═════ Exercise data ═════
Lemma norm2_part_spec q g : ordered g -> size g = (q - 1).*2 ->
  [/\ count (fun x => ~~ odd x) (norm2_part q g) <= q - 1,
      count odd (norm2_part q g) <= q - 1,
      norm1 q (norm2_part q g) <= norm1 q g &
      {subset norm2_part q g <= g}].
Proof.
move=> /ordered_split[eg ev _ od _] sg; rewrite /norm2_part.
set e := nb_even g in eg ev od *; set k := q - 1 in sg *.
have Etake : take (minn e k) g = take (minn e k) (take e g).
  by rewrite take_takel // geq_minl.
have Edrop : drop (maxn k e) g = drop (maxn k e - e) (drop e g).
  by rewrite drop_drop subnK // leq_maxr.
have ev' := all_take (minn e k) ev; have od' := all_drop (maxn k e - e) od.
split.
- rewrite count_cat Etake Edrop [count _ (drop _ _)]count_none; last first.
    by apply: sub_all od' => x /= ->.
  by rewrite addn0 count_all_size // size_take size_takel //; case: ifP; lia.
- rewrite count_cat Etake Edrop (count_none (P := odd)) ?count_all_size //.
  by rewrite add0n -Edrop size_drop sg; lia.
- have -> : norm1 q g = norm1 q (take (minn e k) g) + norm1 q (drop (minn e k) g).
    by rewrite -norm1_cat cat_take_drop.
  rewrite norm1_cat leq_add2l -(subnK (_ : minn e k <= maxn k e)); last lia.
  rewrite -drop_drop.
  set D := drop (minn e k) g; set j := maxn k e - minn e k.
  by have := norm1_cat q (take j D) (drop j D); rewrite cat_take_drop; lia.
- by move=> x; rewrite mem_cat => /orP[/mem_take|/mem_drop].
Qed.

Lemma count_mem_le_parity (l : nat) s :
  count_mem l s <= count (fun x => odd x == odd l) s.
Proof. by apply: sub_count => x /eqP ->. Qed.

Lemma count_at_le N m (Q : pred nat) (X K : seq nat) : Q m ->
  all (fun x => x < N) X -> all (fun x => x < N) K ->
  (forall l, m < l -> l < N -> count_mem l X = count_mem l K) ->
  count (fun x => (m <= x) && Q x) X <= count (fun x => (m <= x) && Q x) K ->
  count_mem m X <= count_mem m K.
Proof.
move=> Qm XN KN agree.
have split_at s : count (fun x => (m <= x) && Q x) s =
    count_mem m s + count (fun x => (m < x) && Q x) s.
  rewrite -count_predUI [X in _ + X](count_none (P := predI _ _)) ?addn0.
    by apply: eq_count => x /=; case: (ltngtP m x) => [mx|xm|<-] //=; rewrite Qm.
  by apply/allP => x _ /=; case: eqP => [<-|]; rewrite ?ltnn ?andbF.
have above : count (fun x => (m < x) && Q x) X = count (fun x => (m < x) && Q x) K.
  rewrite -(count_by_value _ XN) -(count_by_value _ KN) big_nat_cond [RHS]big_nat_cond.
  by apply: eq_bigr => l /andP[/andP[_ lN] /andP[ml _]]; apply: agree.
by rewrite !split_at above leq_add2r.
Qed.

Section Dominance.

Variables (q n p : nat) (K : seq nat).
Hypothesis q_gt1 : 1 < q.
Hypothesis K_lt : all (fun x => x < n.+1) K.
Hypothesis K_top : forall l, p < l -> l < n.+1 -> count_mem l K = digit q n l.
Hypothesis K_same : count (fun x => odd x == odd p) K = q - 1.
Hypothesis K_other : 0 < p -> count (fun x => odd x != odd p) K = q - 1.
Hypothesis K_low : all (fun x => p - 1 <= x) K.

(* Since no entry lies below [p - 1], the entries of the parity of [p] lie at or
   above [p], and those of the other parity at or above [p - 1]. *)
Lemma K_same_above : count (fun x => (p <= x) && (odd x == odd p)) K = q - 1.
Proof.
rewrite -K_same; apply/eq_in_count => x /(allP K_low) px /=.
case: (ltngtP p x) => // xp; have -> : x = p - 1 by lia.
by rewrite odd_pred ?(leq_ltn_trans (leq0n x) xp) //; case: (odd p).
Qed.

Lemma K_other_above : 0 < p ->
  count (fun x => (p - 1 <= x) && (odd x != odd p)) K = q - 1.
Proof.
by move=> p0; rewrite -(K_other p0); apply/eq_in_count => x /(allP K_low) /= ->.
Qed.

Lemma K_digit l : l < p -> count_mem l K <= q - 1.
Proof.
move=> lp; apply: leq_trans (count_mem_le_parity l K) _.
case: (eqVneq (odd l) (odd p)) => [->|ne]; first by rewrite K_same.
by rewrite -(K_other (leq_ltn_trans (leq0n l) lp)); apply: sub_count => x /eqP ->.
Qed.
═════
**Exercise brief:**
All lines in the records with the string "Lemma" should be copied out.

**Exercise answer:**
Lemma norm2_part_spec q g : ordered g -> size g = (q - 1).*2 ->
Lemma count_mem_le_parity (l : nat) s :
Lemma count_at_le N m (Q : pred nat) (X K : seq nat) : Q m ->
Lemma K_same_above : count (fun x => (p <= x) && (odd x == odd p)) K = q - 1.
Lemma K_other_above : 0 < p ->
Lemma K_digit l : l < p -> count_mem l K <= q - 1.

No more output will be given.